On Fri, May 9, 2014 at 10:21 AM, Ian Friedman <i...@flurry.com> wrote:

> This seems similar to behavior we’re seeing. At some point one of our
> brokers (id 1) just gives up and starts throwing those errors and
> kafka-topics no longer lists it as a ISR. However the logs for that broker
> say something very odd:
>
> [2014-05-09 10:16:00,248] INFO Partition [callbackServiceTopic-High,8] on
> broker 1: Cached zkVersion [10] not equal to that in zookeeper, skip
> updating ISR (kafka.cluster.Partition)
> [2014-05-09 10:16:00,248] INFO Partition [callbackServiceTopic,3] on
> broker 1: Shrinking ISR for partition [callbackServiceTopic,3] from 1,2,3
> to 1 (kafka.cluster.Partition)
> [2014-05-09 10:16:00,251] ERROR Conditional update of path
> /brokers/topics/callbackServiceTopic/partitions/3/state with data
> {"controller_epoch":4,"leader":1,"version":1,"leader_epoch":4,"isr":[1]}
> and expected version 9 failed due to
> org.apache.zookeeper.KeeperException$BadVersionException: KeeperErrorCode =
> BadVersion for /brokers/topics/callbackServiceTopic/partitions/3/state
> (kafka.utils.ZkUtils$)
> [2014-05-09 10:16:00,251] INFO Partition [callbackServiceTopic,3] on
> broker 1: Cached zkVersion [9] not equal to that in zookeeper, skip
> updating ISR (kafka.cluster.Partition)
> [2014-05-09 10:16:00,251] INFO Partition [callbackServiceTopic-High,31] on
> broker 1: Shrinking ISR for partition [callbackServiceTopic-High,31] from
> 1,2,3 to 1 (kafka.cluster.Partition)
> [2014-05-09 10:16:00,255] ERROR Conditional update of path
> /brokers/topics/callbackServiceTopic-High/partitions/31/state with data
> {"controller_epoch":4,"leader":1,"version":1,"leader_epoch":4,"isr":[1]}
> and expected version 9 failed due to
> org.apache.zookeeper.KeeperException$BadVersionException: KeeperErrorCode =
> BadVersion for
> /brokers/topics/callbackServiceTopic-High/partitions/31/state
> (kafka.utils.ZkUtils$)
> [2014-05-09 10:16:00,255] INFO Partition [callbackServiceTopic-High,31] on
> broker 1: Cached zkVersion [9] not equal to that in zookeeper, skip
> updating ISR (kafka.cluster.Partition)
> [2014-05-09 10:16:00,255] INFO Partition [callbackServiceTopic-Low,3] on
> broker 1: Shrinking ISR for partition [callbackServiceTopic-Low,3] from
> 1,2,3 to 1 (kafka.cluster.Partition)
> [2014-05-09 10:16:00,258] ERROR Conditional update of path
> /brokers/topics/callbackServiceTopic-Low/partitions/3/state with data
> {"controller_epoch":4,"leader":1,"version":1,"leader_epoch":4,"isr":[1]}
> and expected version 9 failed due to
> org.apache.zookeeper.KeeperException$BadVersionException: KeeperErrorCode =
> BadVersion for /brokers/topics/callbackServiceTopic-Low/partitions/3/state
> (kafka.utils.ZkUtils$)
>
> etc.

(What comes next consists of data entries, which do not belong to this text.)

(* Let $(V,\nu)$ and $(W,\omega)$ be matrix gauge spaces with $\mathbb{C}$-proper matrix gauges, and let $(V,V_{ac},h)$ and $(W,W_{ac},h')$ be the induced triples, i.e. $V_{ac}^n=\{x:\nu_n(-x)=0\}$, $h_n(x)=\max\{\nu_n(x),\nu_n(-x)\}$, and similarly for $W$ with $\omega$. Let $\phi:V\to W$ be linear. (i) If $\phi$ is completely gauge contractive (i.e. $\omega_n(\phi^{(n)}(x))\le\nu_n(x)$ for all $n$ and $x\in M_n(V)$), then $\phi$ is real-cpcc. (ii) If $\phi$ is real-cpcc, then $\omega_n(\phi^{(n)}(x))\le\nu_{max}^n(x)$ for all $n$ and $x\in M_n(V)$, where $\nu_{max}^n(x)=\inf\{h_n(x+p):p\in V_{ac}^n\}$.
   Context: For a complex vector space $V$, $M_n(V)$ is the $n\times n$ matrices over $V$ and $\phi^{(n)}$ is the entrywise application of a linear map $\phi$. A matrix gauge is a sequence $\{\nu_n:M_n(V)\to[0,\infty)\}$ with $\nu_n(x+y)\le\nu_n(x)+\nu_n(y)$, $\nu_n(tx)=t\nu_n(x)$ ($t\ge0$), $\nu_k(X^*AX)\le\|X\|^2\nu_n(A)$ for scalar $X\in M_{n,k}$, and $\nu_{n+m}(A\oplus B)=\max\{\nu_n(A),\nu_m(B)\}$; it is $\mathbb{C}$-proper if $\nu_1(i^kz)=0$ for $k=0,1,2,3$ implies $z=0$. A linear map $\phi:V\to W$ is real-completely positive if $\phi^{(n)}(V_{ac}^n)\subseteq W_{ac}^n$ for all $n$, real-completely contractive if $h'_n(\phi^{(n)}(x))\le h_n(x)$ for all $n,x$, and real-cpcc if it is both. *)

From mathcomp Require Import ssreflect ssrfun ssrbool eqtype ssrnat seq fintype bigop.
From Stdlib Require Import Reals Classical ClassicalEpsilon.
Set Implicit Arguments.
Unset Strict Implicit.
Unset Printing Implicit Defensive.
Open Scope R_scope.

Record C := mkC { Cre : R; Cim : R }.
Definition C0 : C := mkC 0 0.
Definition C1 : C := mkC 1 0.
Definition Ci : C := mkC 0 1.
Definition Cadd (a b : C) : C := mkC (Cre a + Cre b) (Cim a + Cim b).
Definition Cmul (a b : C) : C :=
  mkC (Cre a * Cre b - Cim a * Cim b) (Cre a * Cim b + Cim a * Cre b).
Definition Cconj (a : C) : C := mkC (Cre a) (- Cim a).
Definition RtoC (t : R) : C := mkC t 0.
Definition Cnorm2 (a : C) : R := Cre a * Cre a + Cim a * Cim a.

Record CVS := {
  vT :> Type;
  vadd : vT -> vT -> vT;
  vzero : vT;
  vopp : vT -> vT;
  vscal : C -> vT -> vT;
  vaddA : forall x y z, vadd x (vadd y z) = vadd (vadd x y) z;
  vaddC : forall x y, vadd x y = vadd y x;
  vadd0 : forall x, vadd x vzero = x;
  vaddN : forall x, vadd x (vopp x) = vzero;
  vscalDv : forall a x y, vscal a (vadd x y) = vadd (vscal a x) (vscal a y);
  vscalDs : forall a b x, vscal (Cadd a b) x = vadd (vscal a x) (vscal b x);
  vscalA : forall a b x, vscal a (vscal b x) = vscal (Cmul a b) x;
  vscal1 : forall x, vscal C1 x = x
}.

Definition is_linear (V W : CVS) (phi : V -> W) : Prop :=
  (forall x y, phi (vadd x y) = vadd (phi x) (phi y)) /\
  (forall (a : C) x, phi (vscal a x) = vscal a (phi x)).

Definition Mat (V : Type) (n m : nat) := 'I_n -> 'I_m -> V.

Definition madd (V : CVS) n m (A B : Mat V n m) : Mat V n m :=
  fun i j => vadd (A i j) (B i j).
Definition mopp (V : CVS) n m (A : Mat V n m) : Mat V n m :=
  fun i j => vopp (A i j).
Definition mrscal (V : CVS) n m (t : R) (A : Mat V n m) : Mat V n m :=
  fun i j => vscal (RtoC t) (A i j).
Definition mapm (V W : CVS) (phi : V -> W) n m (A : Mat V n m) : Mat W n m :=
  fun i j => phi (A i j).

(* X^* A X for a scalar matrix X in M_{n,k}(C) and A in M_n(V) *)
Definition cmpl (V : CVS) n k (X : 'I_n -> 'I_k -> C) (A : Mat V n n) : Mat V k k :=
  fun i j => \big[@vadd V/vzero V]_(p < n) \big[@vadd V/vzero V]_(q < n)
                vscal (Cmul (Cconj (X p i)) (X q j)) (A p q).

Definition dsum (V : CVS) n m (A : Mat V n n) (B : Mat V m m) : Mat V (n + m)%nat (n + m)%nat :=
  fun i j => match fintype.split i, fintype.split j with
             | inl a, inl b => A a b
             | inr a, inr b => B a b
             | _, _ => vzero V
             end.

Definition cvnorm k (v : 'I_k -> C) : R := sqrt (\big[Rplus/0]_(i < k) Cnorm2 (v i)).
Definition cmatvec n k (X : 'I_n -> 'I_k -> C) (v : 'I_k -> C) : 'I_n -> C :=
  fun p => \big[Cadd/C0]_(j < k) Cmul (X p j) (v j).
Definition opnorm n k (X : 'I_n -> 'I_k -> C) : R :=
  epsilon (inhabits 0)
    (fun t => is_lub (fun r => exists v, cvnorm v <= 1 /\ r = cvnorm (cmatvec X v)) t).

Definition is_matrix_gauge (V : CVS) (nu : forall n, Mat V n n -> R) : Prop :=
  (forall n (x : Mat V n n), (0 < n)%nat -> 0 <= nu n x) /\
  (forall n (x y : Mat V n n), (0 < n)%nat -> nu n (madd x y) <= nu n x + nu n y) /\
  (forall n (t : R) (x : Mat V n n), (0 < n)%nat -> 0 <= t -> nu n (mrscal t x) = t * nu n x) /\
  (forall n k (X : 'I_n -> 'I_k -> C) (A : Mat V n n), (0 < n)%nat -> (0 < k)%nat ->
      nu k (cmpl X A) <= (opnorm X) ^ 2 * nu n A) /\
  (forall n m (A : Mat V n n) (B : Mat V m m), (0 < n)%nat -> (0 < m)%nat ->
      nu (n + m)%nat (dsum A B) = Rmax (nu n A) (nu m B)).

Definition m1 (V : CVS) (z : V) : Mat V 1 1 := fun _ _ => z.

Definition C_proper (V : CVS) (nu : forall n, Mat V n n -> R) : Prop :=
  forall z : V,
    nu 1%nat (m1 z) = 0 -> nu 1%nat (m1 (vscal Ci z)) = 0 ->
    nu 1%nat (m1 (vscal (Cmul Ci Ci) z)) = 0 ->
    nu 1%nat (m1 (vscal (Cmul Ci (Cmul Ci Ci)) z)) = 0 -> z = vzero V.

Definition Vac (V : CVS) (nu : forall n, Mat V n n -> R) n (x : Mat V n n) : Prop :=
  nu n (mopp x) = 0.
Definition hnorm (V : CVS) (nu : forall n, Mat V n n -> R) n (x : Mat V n n) : R :=
  Rmax (nu n x) (nu n (mopp x)).

Definition is_glb (S : R -> Prop) (m : R) : Prop :=
  (forall s, S s -> m <= s) /\ (forall b, (forall s, S s -> b <= s) -> b <= m).
Definition nu_max (V : CVS) (nu : forall n, Mat V n n -> R) n (x : Mat V n n) : R :=
  epsilon (inhabits 0)
    (is_glb (fun r => exists p : Mat V n n, Vac nu p /\ r = hnorm nu (madd x p))).

Definition completely_gauge_contractive (V W : CVS) (nu : forall n, Mat V n n -> R)
  (om : forall n, Mat W n n -> R) (phi : V -> W) : Prop :=
  forall n (x : Mat V n n), (0 < n)%nat -> om n (mapm phi x) <= nu n x.

Definition real_cp (V W : CVS) (nu : forall n, Mat V n n -> R)
  (om : forall n, Mat W n n -> R) (phi : V -> W) : Prop :=
  forall n (x : Mat V n n), (0 < n)%nat -> Vac nu x -> Vac om (mapm phi x).

Definition real_cc (V W : CVS) (nu : forall n, Mat V n n -> R)
  (om : forall n, Mat W n n -> R) (phi : V -> W) : Prop :=
  forall n (x : Mat V n n), (0 < n)%nat -> hnorm om (mapm phi x) <= hnorm nu x.

Definition real_cpcc (V W : CVS) (nu : forall n, Mat V n n -> R)
  (om : forall n, Mat W n n -> R) (phi : V -> W) : Prop :=
  real_cp nu om phi /\ real_cc nu om phi.

(** Part (i): [phi^(n)] commutes with [x |-> -x], so complete gauge contractivity applied
    to [x] and [-x] bounds both halves of [h'_n (phi^(n) x)], and forces
    [omega_n (- phi^(n) x) = 0] whenever [nu_n (- x) = 0].
    Part (ii): for [p] in [V_ac^n], write [phi^(n) x = phi^(n) (x + p) + phi^(n) (- p)];
    the second summand has gauge [0] by real complete positivity and the first is bounded
    by [h_n (x + p)] by real complete contractivity, so [omega_n (phi^(n) x)] is a lower
    bound of the set whose infimum is [nu_max^n x]. *)
From Pilot Require Import Defs.
From mathcomp Require Import ssreflect ssrfun ssrbool eqtype ssrnat seq fintype bigop.
From Stdlib Require Import Reals Lra ClassicalEpsilon FunctionalExtensionality.
Open Scope R_scope.

Definition mzero (V : CVS) n : Mat V n n := fun _ _ => vzero V.
Arguments mzero {V n}.

Lemma mat_ext (V : Type) n m (A B : Mat V n m) : (forall i j, A i j = B i j) -> A = B.
Proof.
by move=> AB; apply: functional_extensionality => i; apply: functional_extensionality.
Qed.

Section VectorSpace.
Context {V : CVS}.

Lemma vaddI (a b c : V) : vadd a b = vadd a c -> b = c.
Proof.
move=> eq_ab_ac.
have : vadd (vopp a) (vadd a b) = vadd (vopp a) (vadd a c) by rewrite eq_ab_ac.
by rewrite !vaddA (vaddC (vopp a) a) vaddN !(vaddC (vzero V)) !vadd0.
Qed.

Lemma vscal0 (a : Defs.C) : vscal a (vzero V) = vzero V.
Proof. by apply: (@vaddI (vscal a (vzero V))); rewrite -vscalDv !vadd0. Qed.

Lemma vopp0 : vopp (vzero V) = vzero V.
Proof. by apply: (@vaddI (vzero V)); rewrite vaddN vadd0. Qed.

Lemma moppZ {n} : mopp (@mzero V n) = mzero.
Proof. by apply: mat_ext => i j; apply: vopp0. Qed.

Lemma mrscalZ {n} t : mrscal t (@mzero V n) = mzero.
Proof. by apply: mat_ext => i j; apply: vscal0. Qed.

Lemma maddNK {n} (x p : Mat V n n) : madd (madd x p) (mopp p) = x.
Proof. by apply: mat_ext => i j; rewrite /madd /mopp -vaddA vaddN vadd0. Qed.

End VectorSpace.

Section LinearMap.
Variables (V W : CVS) (phi : V -> W).
Hypothesis phi_lin : is_linear phi.

Lemma linear0 : phi (vzero V) = vzero W.
Proof. by apply: (@vaddI W (phi (vzero V))); rewrite -(proj1 phi_lin) !vadd0. Qed.

Lemma linearN v : phi (vopp v) = vopp (phi v).
Proof.
by apply: (@vaddI W (phi v)); rewrite vaddN -(proj1 phi_lin) vaddN linear0.
Qed.

Lemma mapmN n (x : Mat V n n) : mapm phi (mopp x) = mopp (mapm phi x).
Proof. by apply: mat_ext => i j; apply: linearN. Qed.

Lemma mapmD n (x y : Mat V n n) : mapm phi (madd x y) = madd (mapm phi x) (mapm phi y).
Proof. by apply: mat_ext => i j; apply: (proj1 phi_lin). Qed.

End LinearMap.

Section MatrixGauge.
Context {V : CVS} (nu : forall n, Mat V n n -> R).
Hypothesis nu_gauge : is_matrix_gauge nu.

Lemma gauge_ge0 {n} (x : Mat V n n) : (0 < n)%nat -> 0 <= nu n x.
Proof. exact: (proj1 nu_gauge). Qed.

Lemma gaugeD {n} (x y : Mat V n n) : (0 < n)%nat -> nu n (madd x y) <= nu n x + nu n y.
Proof. exact: (proj1 (proj2 nu_gauge)). Qed.

Lemma gaugeZ {n} : (0 < n)%nat -> nu n mzero = 0.
Proof.
move=> n_gt0; rewrite -(@mrscalZ V n 0) (proj1 (proj2 (proj2 nu_gauge))) //; lra.
Qed.

Lemma Vac_mzero {n} : (0 < n)%nat -> Vac nu (@mzero V n).
Proof. by move=> n_gt0; rewrite /Vac moppZ gaugeZ. Qed.

Lemma gauge_le_hnorm {n} (x : Mat V n n) : nu n x <= hnorm nu x.
Proof. exact: Rmax_l. Qed.

Lemma hnorm_ge0 {n} (x : Mat V n n) : (0 < n)%nat -> 0 <= hnorm nu x.
Proof. by move=> n_gt0; apply: Rle_trans (gauge_ge0 x n_gt0) (gauge_le_hnorm x). Qed.

End MatrixGauge.

Lemma glb_exists (S : R -> Prop) :
  (exists s, S s) -> (exists b, forall s, S s -> b <= s) -> exists m, is_glb S m.
Proof.
move=> [s Ss] [b b_lb].
have [l [l_ub l_least]] : {l | is_lub (fun r => S (- r)) l}.
  apply: completeness.
  - exists (- b) => r /b_lb; lra.
  - by exists (- s); rewrite Ropp_involutive.
exists (- l); split.
- move=> r Sr; have : - r <= l by apply: l_ub; rewrite Ropp_involutive.
  lra.
- move=> c c_lb; have : l <= - c by apply: l_least => r /c_lb; lra.
  lra.
Qed.

Lemma le_nu_max (V : CVS) (nu : forall n, Mat V n n -> R) n (x : Mat V n n) (b : R) :
  is_matrix_gauge nu -> (0 < n)%nat ->
  (forall p, Vac nu p -> b <= hnorm nu (madd x p)) -> b <= nu_max nu x.
Proof.
move=> nu_gauge n_gt0 b_lb.
(* [nu_max] is an [epsilon] choice, so it is a true infimum only once one exists. *)
set S := fun r => exists p : Mat V n n, Vac nu p /\ r = hnorm nu (madd x p).
have S_glb : exists m, is_glb S m.
  apply: glb_exists.
  - by exists (hnorm nu (madd x mzero)), mzero; split; first exact: Vac_mzero.
  - by exists 0 => _ [p [_ ->]]; apply: hnorm_ge0.
apply: (proj2 (epsilon_spec (inhabits 0) (is_glb S) S_glb)).
by move=> _ [p [Vp ->]]; apply: b_lb.
Qed.

Section GaugeMaps.
Variables (V W : CVS) (nu : forall n, Mat V n n -> R) (om : forall n, Mat W n n -> R).
Variable phi : V -> W.
Hypotheses (om_gauge : is_matrix_gauge om) (phi_lin : is_linear phi).

Lemma gauge_contractive_real_cpcc :
  completely_gauge_contractive nu om phi -> real_cpcc nu om phi.
Proof.
move=> phi_cgc; split=> n x n_gt0.
- rewrite /Vac -mapmN // => nu_mx0.
  have := phi_cgc n (mopp x) n_gt0; have := gauge_ge0 om om_gauge (mapm phi (mopp x)) n_gt0.
  lra.
- rewrite /hnorm -mapmN //; apply: Rmax_lub.
  + exact: Rle_trans (phi_cgc n x n_gt0) (Rmax_l _ _).
  + exact: Rle_trans (phi_cgc n (mopp x) n_gt0) (Rmax_r _ _).
Qed.

Lemma real_cpcc_le_hnorm n (x p : Mat V n n) :
  real_cpcc nu om phi -> (0 < n)%nat -> Vac nu p ->
  om n (mapm phi x) <= hnorm nu (madd x p).
Proof.
move=> [phi_cp phi_cc] n_gt0 Vp.
rewrite -{1}(maddNK x p) mapmD //.
have om_mp0 : om n (mapm phi (mopp p)) = 0 by rewrite mapmN //; apply: phi_cp.
have := gaugeD om om_gauge (mapm phi (madd x p)) (mapm phi (mopp p)) n_gt0.
have := gauge_le_hnorm om (mapm phi (madd x p)).
have := phi_cc n (madd x p) n_gt0.
lra.
Qed.

End GaugeMaps.

Theorem proposition6p1 (V W : CVS) (nu : forall n, Mat V n n -> R)
  (om : forall n, Mat W n n -> R) (phi : V -> W) :
  is_matrix_gauge nu -> C_proper nu ->
  is_matrix_gauge om -> C_proper om ->
  is_linear phi ->
  (completely_gauge_contractive nu om phi -> real_cpcc nu om phi) /\
  (real_cpcc nu om phi ->
     forall n (x : Mat V n n), (0 < n)%nat -> om n (mapm phi x) <= nu_max nu x).
Proof.
move=> nu_gauge _ om_gauge _ phi_lin; split.
- exact: gauge_contractive_real_cpcc.
- move=> phi_cpcc n x n_gt0; apply: le_nu_max => // p Vp.
  exact: real_cpcc_le_hnorm.
Qed.
(* Fix $m\ge 2$ and consider the game for SumLoss with top-1 feedback and binary relevance, as in the context. Let $\sigma_i,\sigma_j$ be two learner actions such that there is exactly one pair of objects $\{a,b\}$ whose positions differ in $\sigma_i$ and $\sigma_j$, with $a$ placed immediately before $b$ in $\sigma_i$ (i.e. $\sigma_i(b)=\sigma_i(a)+1$) and $b$ placed immediately before $a$ in $\sigma_j$ (i.e. $\sigma_j(a)=\sigma_j(b)+1$). Then $\sigma_i$ and $\sigma_j$ are neighboring actions.
   Context: Objects are $\{1,\dots,m\}$. Learner actions are the permutations $\sigma_1,\dots,\sigma_{m!}$ of $[m]$ ($\sigma(i)$ = rank of object $i$); adversary actions are the relevance vectors $r_1,\dots,r_{2^m}$ enumerating $\{0,1\}^m$. The loss matrix $L\in\mathbb{R}^{m!\times 2^m}$ has $L_{i,j}=\sum_{k=1}^m\sigma_i(k)r_j(k)$, with rows $\ell_i$. Let $\Delta=\{p\in\mathbb{R}^{2^m}:p_i\ge0,\sum_ip_i=1\}$ and $C_i=\{p\in\Delta:\ell_i\cdot p\le\ell_k\cdot p\ \forall k\}$. Action $i$ is Pareto-optimal if $C_i$ is non-empty and $(2^m-1)$-dimensional. Two Pareto-optimal actions $i,j$ are neighboring actions if $C_i\cap C_j$ is a $(2^m-2)$-dimensional polytope. *)

From HB Require Import structures.
From mathcomp Require Import all_boot all_order all_algebra all_fingroup.
From mathcomp Require Import reals.
Set Implicit Arguments. Unset Strict Implicit. Unset Printing Implicit Defensive.
Import Order.TTheory GRing.Theory Num.Theory.
Local Open Scope ring_scope.

Section Game.
Variables (R : realType) (m : nat).
Lemma one_iteration_error :
  vnorm (Jpol mu' - Phi *m th') <=
    (alpha ^+ (m + H - 1) * dFV + q * (alpha ^+ (m + H - 1) * dFV + 1)) * e
    + ((1 + q) * ((alpha ^+ m + alpha ^+ (m + H - 1)) / (1 - alpha) * dFV + dapp + dFV * eps)
       + q / (1 - alpha)).
Proof.
set E := vnorm (Jpol mu' - M *m Jhat).
have split_err : vnorm (Jpol mu' - Phi *m th') <= E + vnorm (Phi *m th' - M *m Jhat).
  have -> : Jpol mu' - Phi *m th' = (Jpol mu' - M *m Jhat) - (Phi *m th' - M *m Jhat).
    by rewrite opprB addrA subrK.
  by apply: le_trans (vnormD _ _) _; rewrite vnormN.
have Jk_err : vnorm (Jk - M *m Jhat) <= e + (1 - alpha)^-1 + E.
  have -> : Jk - M *m Jhat = (Jk - Jpol mu) + (Jpol mu - Jpol mu') + (Jpol mu' - M *m Jhat).
    by rewrite !addrA !subrK.
  apply: le_trans (vnormD _ _) _; rewrite lerD2r.
  apply: le_trans (vnormD _ _) _; rewrite lerD2l.
  exact: vnormB_boxed (inv1Balpha_ge0 alpha01) (Jpol_boxed P_ge0 P_sum1 r01 alpha01 _)
                      (Jpol_boxed P_ge0 P_sum1 r01 alpha01 _).
have fit := le_trans fitting_error (ler_wpM2l q_ge0 Jk_err).
have := evaluation_error; rewrite -/E; set U := dapp + _ => eval.
have err_le : vnorm (Jpol mu' - Phi *m th') <= (1 + q) * U + q * e + q * (1 - alpha)^-1.
  have evalq := ler_wpM2l (addr_ge0 ler01 q_ge0) eval.
  by apply: le_trans split_err _; nra.
apply: le_trans err_le _; rewrite -subr_ge0.
have -> : alpha ^+ (m + H - 1) = alpha ^+ m * alpha ^+ H.-1 by rewrite -exprD -addnBA ?subn1.
set slack := (_ - _).
have -> : slack = (1 + q) * (alpha ^+ m * alpha ^+ H.-1 * (1 - alpha)^-1 * dFV).
  by rewrite /slack /U; ring.
have dFV_ge0 : 0 <= dFV := le_trans (mxnorm_ge0 _) mxnorm_Mproj_le.
by rewrite !mulr_ge0 ?addr_ge0 ?exprn_ge0 ?inv1Balpha_ge0.
Qed.
End OneIteration.

Theorem mainTheorem8 (R : realType) (n d : nat) (A : finType)
  (P : A -> 'M[R]_n) (r : 'I_n -> A -> R) (alpha : R)
  (m H eta : nat) (gamma epsLA epsPE : R)
  (Phi : 'M[R]_(n, d)) (D : nat -> {set 'I_n})
  (mu : nat -> 'I_n -> A) (w : nat -> 'cV[R]_n) (theta : nat -> 'cV[R]_d) :
  (forall a i j, 0 <= P a i j) ->
  (forall a i, \sum_(j < n) P a i j = 1) ->
  (forall i a, 0 <= r i a <= 1) ->
  0 < alpha < 1 ->
  (0 < m)%N -> (0 < H)%N -> (0 < eta)%N -> 0 < gamma ->
  0 <= epsLA -> 0 <= epsPE -> (0 < d)%N ->
  (forall k, \rank (PhiD Phi (D k)) = d) ->
  (forall k, vnorm (iter H (Tbell P r alpha) (Phi *m theta k)
               - Tmu P r alpha (mu k.+1) (iter H.-1 (Tbell P r alpha) (Phi *m theta k)))
             <= epsLA) ->
  (forall k i, i \notin D k -> w k.+1 i ord0 = 0) ->
  (forall k, vnorm (w k.+1) <= epsPE) ->
  (forall k, theta k.+1 =
     iter eta (gd_step gamma Phi (D k)
       (iter m (Tmu P r alpha (mu k.+1)) (iter H.-1 (Tbell P r alpha) (Phi *m theta k))
        + w k.+1)) (theta k)) ->
  let c := Num.sqrt (n%:R) * mxnorm Phi / sigma_min Phi in
  let aGD := alpha_GD gamma Phi D in
  let dFV := delta_FV Phi D in
  let dapp := delta_app P r alpha Phi D in
  let beta := alpha ^+ (m + H - 1) * dFV
              + c * aGD ^+ eta * (alpha ^+ (m + H - 1) * dFV + 1) in
  let tau := (1 + c * aGD ^+ eta)
               * ((alpha ^+ m + alpha ^+ (m + H - 1)) / (1 - alpha) * dFV
                  + dapp + dFV * epsPE)
             + c * aGD ^+ eta / (1 - alpha) in
  forall k, (1 <= k)%N ->
    vnorm (Jpol P r alpha (mu k) - Phi *m theta k)
      <= beta * vnorm (Phi *m theta k.-1 - Jpol P r alpha (mu k.-1)) + tau.
Proof.
move=> P_ge0 P_sum1 r01 alpha01 _ H_gt0 _ _ _ _ d_gt0 rank_PhiD _ _ w_le theta_next.
move=> c aGD dFV dapp beta tau [//|k] _ /=; rewrite theta_next.
apply: one_iteration_error => //.
- exact: delta_FV_ge.
- exact: delta_app_ge.
- by move=> a; apply: alpha_GD_ge.
Qed.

And these errors continue every few seconds.
>
> kafka-topics.sh —describe output:
> Topic:callbackServiceTopic-High PartitionCount:50
> ReplicationFactor:3     Configs:
>         Topic: callbackServiceTopic-High        Partition: 0    Leader: 2
>       Replicas: 3,1,2 Isr: 2,3
>         Topic: callbackServiceTopic-High        Partition: 1    Leader: 2
>       Replicas: 1,2,3 Isr: 2,3
>         Topic: callbackServiceTopic-High        Partition: 2    Leader: 2
>       Replicas: 2,3,1 Isr: 2,3
>
> I went and looked at one of those ZNodes in the zkCLI and found this:
>
> [zk: localhost:2181(CONNECTED) 2] get
> /brokers/topics/callbackServiceTopic-High/partitions/31/state
> {"controller_epoch":5,"leader":2,"version":1,"leader_epoch":5,"isr":[2,3]}
>
> What does the version number there represent and how does it get out of
> sync? Should I restart broker 1? Is the fact that broker 1 is behind in
> leader_epoch significant?
>
> Still trying to figure out Kafka operations :(
> —Ian
>
>
> On Apr 24, 2014, at 9:26 PM, 陈小军 <chenxiao...@nhn.com> wrote:
>
> > I don't do any partition reassignment.
> >
> > When broker occure following error, this phenomenon  will happen.
> >
> > [hadoop@nelo76 libs]$ [2014-03-14 12:11:44,310] INFO Partition
> [nelo2-normal-logs,0] on broker 0: Shrinking ISR for partition
> [nelo2-normal-logs,0] from 0,1 to 0 (kafka.cluster.Partition)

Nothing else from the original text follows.